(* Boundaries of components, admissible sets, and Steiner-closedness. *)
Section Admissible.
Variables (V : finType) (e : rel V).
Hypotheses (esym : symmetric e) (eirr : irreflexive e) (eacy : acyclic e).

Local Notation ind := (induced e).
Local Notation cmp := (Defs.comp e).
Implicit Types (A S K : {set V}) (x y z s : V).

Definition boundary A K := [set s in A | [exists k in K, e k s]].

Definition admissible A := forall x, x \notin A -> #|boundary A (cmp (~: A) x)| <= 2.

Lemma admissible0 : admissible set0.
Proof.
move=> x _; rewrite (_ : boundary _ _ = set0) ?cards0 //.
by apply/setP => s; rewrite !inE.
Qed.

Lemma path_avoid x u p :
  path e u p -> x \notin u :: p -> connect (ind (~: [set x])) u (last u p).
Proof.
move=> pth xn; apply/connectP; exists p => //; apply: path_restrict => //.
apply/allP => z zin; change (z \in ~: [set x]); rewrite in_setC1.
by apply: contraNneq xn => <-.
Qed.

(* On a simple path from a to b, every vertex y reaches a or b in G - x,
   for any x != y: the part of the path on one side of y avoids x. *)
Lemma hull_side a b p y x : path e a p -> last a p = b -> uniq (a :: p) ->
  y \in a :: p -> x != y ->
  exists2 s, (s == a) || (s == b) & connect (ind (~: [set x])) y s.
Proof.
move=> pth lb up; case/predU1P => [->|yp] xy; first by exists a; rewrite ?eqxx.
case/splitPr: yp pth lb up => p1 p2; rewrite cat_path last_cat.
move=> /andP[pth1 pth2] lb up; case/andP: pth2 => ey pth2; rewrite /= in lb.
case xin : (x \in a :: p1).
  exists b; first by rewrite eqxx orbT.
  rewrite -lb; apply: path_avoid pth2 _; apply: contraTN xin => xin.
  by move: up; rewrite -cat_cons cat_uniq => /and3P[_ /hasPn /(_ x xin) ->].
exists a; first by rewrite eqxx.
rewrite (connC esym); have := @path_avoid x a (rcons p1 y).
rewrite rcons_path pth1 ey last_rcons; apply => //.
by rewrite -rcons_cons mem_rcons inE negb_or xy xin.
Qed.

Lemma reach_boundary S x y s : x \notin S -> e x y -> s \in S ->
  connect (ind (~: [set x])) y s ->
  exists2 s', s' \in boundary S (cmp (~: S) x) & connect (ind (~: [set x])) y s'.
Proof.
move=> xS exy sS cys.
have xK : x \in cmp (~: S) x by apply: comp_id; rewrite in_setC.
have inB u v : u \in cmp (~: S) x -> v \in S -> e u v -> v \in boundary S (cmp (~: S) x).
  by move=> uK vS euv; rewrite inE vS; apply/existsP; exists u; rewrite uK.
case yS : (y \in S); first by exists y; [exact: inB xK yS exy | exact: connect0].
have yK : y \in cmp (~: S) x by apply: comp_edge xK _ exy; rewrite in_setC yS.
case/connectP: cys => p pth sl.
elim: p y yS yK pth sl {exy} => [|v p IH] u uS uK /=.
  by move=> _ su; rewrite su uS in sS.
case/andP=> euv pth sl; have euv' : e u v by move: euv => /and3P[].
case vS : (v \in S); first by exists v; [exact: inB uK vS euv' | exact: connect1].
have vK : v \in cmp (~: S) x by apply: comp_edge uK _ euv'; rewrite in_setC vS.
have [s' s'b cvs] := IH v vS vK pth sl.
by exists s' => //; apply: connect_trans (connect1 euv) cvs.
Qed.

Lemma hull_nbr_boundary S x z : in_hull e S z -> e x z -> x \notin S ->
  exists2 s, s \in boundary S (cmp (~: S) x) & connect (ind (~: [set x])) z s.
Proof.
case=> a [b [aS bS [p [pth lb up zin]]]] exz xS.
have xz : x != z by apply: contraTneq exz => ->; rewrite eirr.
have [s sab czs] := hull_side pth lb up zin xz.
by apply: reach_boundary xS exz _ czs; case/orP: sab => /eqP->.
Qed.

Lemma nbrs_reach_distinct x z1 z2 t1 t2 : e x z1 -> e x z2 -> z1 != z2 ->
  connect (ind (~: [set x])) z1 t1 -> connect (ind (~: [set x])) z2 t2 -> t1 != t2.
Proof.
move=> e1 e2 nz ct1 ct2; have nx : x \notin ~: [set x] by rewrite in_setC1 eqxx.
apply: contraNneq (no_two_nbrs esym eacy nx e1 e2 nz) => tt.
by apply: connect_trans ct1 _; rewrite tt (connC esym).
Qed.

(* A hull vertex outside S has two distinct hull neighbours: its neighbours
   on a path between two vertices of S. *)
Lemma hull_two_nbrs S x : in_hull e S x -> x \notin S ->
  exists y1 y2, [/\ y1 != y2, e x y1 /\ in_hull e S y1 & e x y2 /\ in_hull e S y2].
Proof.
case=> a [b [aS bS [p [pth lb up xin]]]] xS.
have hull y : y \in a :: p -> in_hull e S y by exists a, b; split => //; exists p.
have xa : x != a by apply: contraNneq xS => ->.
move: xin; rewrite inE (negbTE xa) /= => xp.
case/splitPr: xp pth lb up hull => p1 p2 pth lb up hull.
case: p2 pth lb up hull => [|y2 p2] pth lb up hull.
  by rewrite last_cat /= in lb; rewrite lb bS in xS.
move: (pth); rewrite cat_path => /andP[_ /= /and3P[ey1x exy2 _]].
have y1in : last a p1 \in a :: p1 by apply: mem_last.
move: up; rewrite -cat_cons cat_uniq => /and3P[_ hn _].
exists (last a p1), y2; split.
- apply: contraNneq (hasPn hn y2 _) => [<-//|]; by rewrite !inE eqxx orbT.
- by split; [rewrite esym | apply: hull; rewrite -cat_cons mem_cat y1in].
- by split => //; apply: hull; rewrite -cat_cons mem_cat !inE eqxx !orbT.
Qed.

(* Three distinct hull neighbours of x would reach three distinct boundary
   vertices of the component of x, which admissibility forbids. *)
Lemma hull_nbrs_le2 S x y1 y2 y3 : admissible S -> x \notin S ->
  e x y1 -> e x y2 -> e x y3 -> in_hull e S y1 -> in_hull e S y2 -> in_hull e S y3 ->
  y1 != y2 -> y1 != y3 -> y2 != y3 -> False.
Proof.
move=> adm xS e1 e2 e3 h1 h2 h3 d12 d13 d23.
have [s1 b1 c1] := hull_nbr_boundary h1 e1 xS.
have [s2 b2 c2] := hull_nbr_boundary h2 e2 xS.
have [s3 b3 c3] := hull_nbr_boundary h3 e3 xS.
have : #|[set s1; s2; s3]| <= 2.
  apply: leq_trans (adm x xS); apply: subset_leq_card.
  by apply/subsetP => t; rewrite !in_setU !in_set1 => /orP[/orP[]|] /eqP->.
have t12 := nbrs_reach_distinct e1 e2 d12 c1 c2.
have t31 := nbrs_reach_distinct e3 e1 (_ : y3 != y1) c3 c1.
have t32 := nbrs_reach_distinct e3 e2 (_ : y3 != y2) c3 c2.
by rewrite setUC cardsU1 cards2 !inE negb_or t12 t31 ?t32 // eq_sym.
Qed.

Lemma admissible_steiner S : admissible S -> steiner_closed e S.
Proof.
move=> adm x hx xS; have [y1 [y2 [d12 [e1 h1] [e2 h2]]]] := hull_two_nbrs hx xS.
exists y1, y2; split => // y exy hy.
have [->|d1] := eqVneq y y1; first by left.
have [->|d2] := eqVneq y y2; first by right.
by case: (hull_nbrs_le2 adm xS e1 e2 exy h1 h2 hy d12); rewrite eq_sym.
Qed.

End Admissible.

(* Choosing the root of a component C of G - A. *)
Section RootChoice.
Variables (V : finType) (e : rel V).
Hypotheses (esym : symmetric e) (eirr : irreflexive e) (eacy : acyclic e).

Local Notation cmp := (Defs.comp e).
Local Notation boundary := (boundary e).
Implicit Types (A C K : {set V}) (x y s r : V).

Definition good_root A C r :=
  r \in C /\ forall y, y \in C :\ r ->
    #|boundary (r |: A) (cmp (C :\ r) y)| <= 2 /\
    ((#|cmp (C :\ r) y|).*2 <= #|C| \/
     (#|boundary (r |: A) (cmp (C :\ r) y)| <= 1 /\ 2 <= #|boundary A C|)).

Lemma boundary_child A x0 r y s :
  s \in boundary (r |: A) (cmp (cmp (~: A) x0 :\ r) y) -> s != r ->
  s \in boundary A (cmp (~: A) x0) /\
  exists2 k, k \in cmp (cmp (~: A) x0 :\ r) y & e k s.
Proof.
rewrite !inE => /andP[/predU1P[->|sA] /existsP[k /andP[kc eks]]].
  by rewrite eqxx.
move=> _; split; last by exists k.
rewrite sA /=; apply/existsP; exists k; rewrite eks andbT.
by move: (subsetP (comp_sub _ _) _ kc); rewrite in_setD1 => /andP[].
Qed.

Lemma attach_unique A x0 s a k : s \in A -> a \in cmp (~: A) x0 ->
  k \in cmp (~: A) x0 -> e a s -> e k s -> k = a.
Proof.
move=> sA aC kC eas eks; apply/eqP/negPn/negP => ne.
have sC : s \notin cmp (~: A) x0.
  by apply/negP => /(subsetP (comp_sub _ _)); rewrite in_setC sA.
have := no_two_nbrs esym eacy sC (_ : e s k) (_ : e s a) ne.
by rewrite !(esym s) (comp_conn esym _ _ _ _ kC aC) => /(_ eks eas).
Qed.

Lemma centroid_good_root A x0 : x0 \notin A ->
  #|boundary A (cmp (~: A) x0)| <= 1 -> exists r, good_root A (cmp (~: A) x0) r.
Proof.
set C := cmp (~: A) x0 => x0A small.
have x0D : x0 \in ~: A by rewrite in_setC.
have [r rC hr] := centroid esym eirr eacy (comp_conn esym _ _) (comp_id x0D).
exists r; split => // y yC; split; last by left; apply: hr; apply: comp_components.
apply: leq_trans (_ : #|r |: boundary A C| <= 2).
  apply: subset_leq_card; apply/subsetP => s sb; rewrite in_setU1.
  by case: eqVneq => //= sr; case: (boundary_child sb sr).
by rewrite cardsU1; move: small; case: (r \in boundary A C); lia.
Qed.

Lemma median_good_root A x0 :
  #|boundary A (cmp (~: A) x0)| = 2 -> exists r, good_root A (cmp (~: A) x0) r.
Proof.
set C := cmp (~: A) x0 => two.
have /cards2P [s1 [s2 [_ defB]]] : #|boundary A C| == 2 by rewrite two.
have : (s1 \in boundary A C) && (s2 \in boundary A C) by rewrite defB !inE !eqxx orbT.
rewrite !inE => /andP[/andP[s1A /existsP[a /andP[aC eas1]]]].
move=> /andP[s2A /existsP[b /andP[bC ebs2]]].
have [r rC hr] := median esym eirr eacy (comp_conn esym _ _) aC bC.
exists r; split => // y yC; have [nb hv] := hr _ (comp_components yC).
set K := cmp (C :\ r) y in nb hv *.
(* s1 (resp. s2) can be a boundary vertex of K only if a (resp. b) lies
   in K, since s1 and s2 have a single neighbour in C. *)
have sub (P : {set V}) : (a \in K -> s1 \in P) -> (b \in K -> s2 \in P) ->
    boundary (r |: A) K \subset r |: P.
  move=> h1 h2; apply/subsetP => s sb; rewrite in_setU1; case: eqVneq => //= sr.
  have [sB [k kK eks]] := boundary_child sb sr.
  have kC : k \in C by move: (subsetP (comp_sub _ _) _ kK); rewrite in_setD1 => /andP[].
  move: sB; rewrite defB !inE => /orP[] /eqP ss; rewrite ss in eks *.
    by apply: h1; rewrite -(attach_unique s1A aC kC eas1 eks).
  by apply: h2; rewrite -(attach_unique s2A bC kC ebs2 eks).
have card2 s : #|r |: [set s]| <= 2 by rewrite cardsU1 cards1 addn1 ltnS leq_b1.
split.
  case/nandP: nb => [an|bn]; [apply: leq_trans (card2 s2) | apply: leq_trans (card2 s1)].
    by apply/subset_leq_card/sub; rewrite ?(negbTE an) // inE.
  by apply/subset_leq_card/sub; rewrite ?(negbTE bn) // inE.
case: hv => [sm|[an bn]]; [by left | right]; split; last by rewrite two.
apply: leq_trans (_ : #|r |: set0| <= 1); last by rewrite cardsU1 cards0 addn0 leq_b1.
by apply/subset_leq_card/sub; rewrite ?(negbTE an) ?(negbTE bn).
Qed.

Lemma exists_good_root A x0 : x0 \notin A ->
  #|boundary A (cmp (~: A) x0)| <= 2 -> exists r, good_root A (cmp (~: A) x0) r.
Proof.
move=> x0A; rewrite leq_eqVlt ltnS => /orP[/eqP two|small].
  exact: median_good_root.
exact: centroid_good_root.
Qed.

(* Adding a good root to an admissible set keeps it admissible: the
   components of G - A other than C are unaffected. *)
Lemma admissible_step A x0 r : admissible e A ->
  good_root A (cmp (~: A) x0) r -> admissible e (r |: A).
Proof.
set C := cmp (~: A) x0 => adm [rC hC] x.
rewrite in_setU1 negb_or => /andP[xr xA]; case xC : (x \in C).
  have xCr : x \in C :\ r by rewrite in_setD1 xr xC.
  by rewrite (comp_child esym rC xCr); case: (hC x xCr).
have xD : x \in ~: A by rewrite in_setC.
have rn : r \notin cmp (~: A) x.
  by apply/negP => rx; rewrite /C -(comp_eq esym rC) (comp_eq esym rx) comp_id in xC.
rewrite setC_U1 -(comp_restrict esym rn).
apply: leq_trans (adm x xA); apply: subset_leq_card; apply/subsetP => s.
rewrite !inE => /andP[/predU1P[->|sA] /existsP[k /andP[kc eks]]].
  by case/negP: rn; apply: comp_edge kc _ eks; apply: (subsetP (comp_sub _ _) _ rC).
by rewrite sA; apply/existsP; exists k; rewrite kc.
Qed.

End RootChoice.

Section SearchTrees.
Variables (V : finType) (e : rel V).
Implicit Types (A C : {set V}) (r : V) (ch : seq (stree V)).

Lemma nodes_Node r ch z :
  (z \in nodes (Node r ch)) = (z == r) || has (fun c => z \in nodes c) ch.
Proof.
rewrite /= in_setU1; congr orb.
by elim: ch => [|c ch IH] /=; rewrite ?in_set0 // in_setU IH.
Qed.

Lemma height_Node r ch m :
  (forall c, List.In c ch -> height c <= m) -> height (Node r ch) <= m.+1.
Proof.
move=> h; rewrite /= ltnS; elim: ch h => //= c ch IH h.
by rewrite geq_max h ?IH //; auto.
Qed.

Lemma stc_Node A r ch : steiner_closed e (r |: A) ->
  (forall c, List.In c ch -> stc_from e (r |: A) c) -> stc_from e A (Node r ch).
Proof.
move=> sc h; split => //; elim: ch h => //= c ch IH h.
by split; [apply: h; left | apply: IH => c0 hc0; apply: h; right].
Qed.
----
### WHAT YOU HAVE TO DO
In your reply, restate exactly the lines from the start of the records above through the line holding "move=> pth lb", including both, and nothing else.

### EXERCISE RESULT
(* Boundaries of components, admissible sets, and Steiner-closedness. *)
Section Admissible.
Variables (V : finType) (e : rel V).
Hypotheses (esym : symmetric e) (eirr : irreflexive e) (eacy : acyclic e).

Local Notation ind := (induced e).
Local Notation cmp := (Defs.comp e).
Implicit Types (A S K : {set V}) (x y z s : V).

Definition boundary A K := [set s in A | [exists k in K, e k s]].

Definition admissible A := forall x, x \notin A -> #|boundary A (cmp (~: A) x)| <= 2.

Lemma admissible0 : admissible set0.
Proof.
move=> x _; rewrite (_ : boundary _ _ = set0) ?cards0 //.
by apply/setP => s; rewrite !inE.
Qed.

Lemma path_avoid x u p :
  path e u p -> x \notin u :: p -> connect (ind (~: [set x])) u (last u p).
Proof.
move=> pth xn; apply/connectP; exists p => //; apply: path_restrict => //.
apply/allP => z zin; change (z \in ~: [set x]); rewrite in_setC1.
by apply: contraNneq xn => <-.
Qed.

(* On a simple path from a to b, every vertex y reaches a or b in G - x,
   for any x != y: the part of the path on one side of y avoids x. *)
Lemma hull_side a b p y x : path e a p -> last a p = b -> uniq (a :: p) ->
  y \in a :: p -> x != y ->
  exists2 s, (s == a) || (s == b) & connect (ind (~: [set x])) y s.
Proof.
move=> pth lb up; case/predU1P => [->|yp] xy; first by exists a; rewrite ?eqxx.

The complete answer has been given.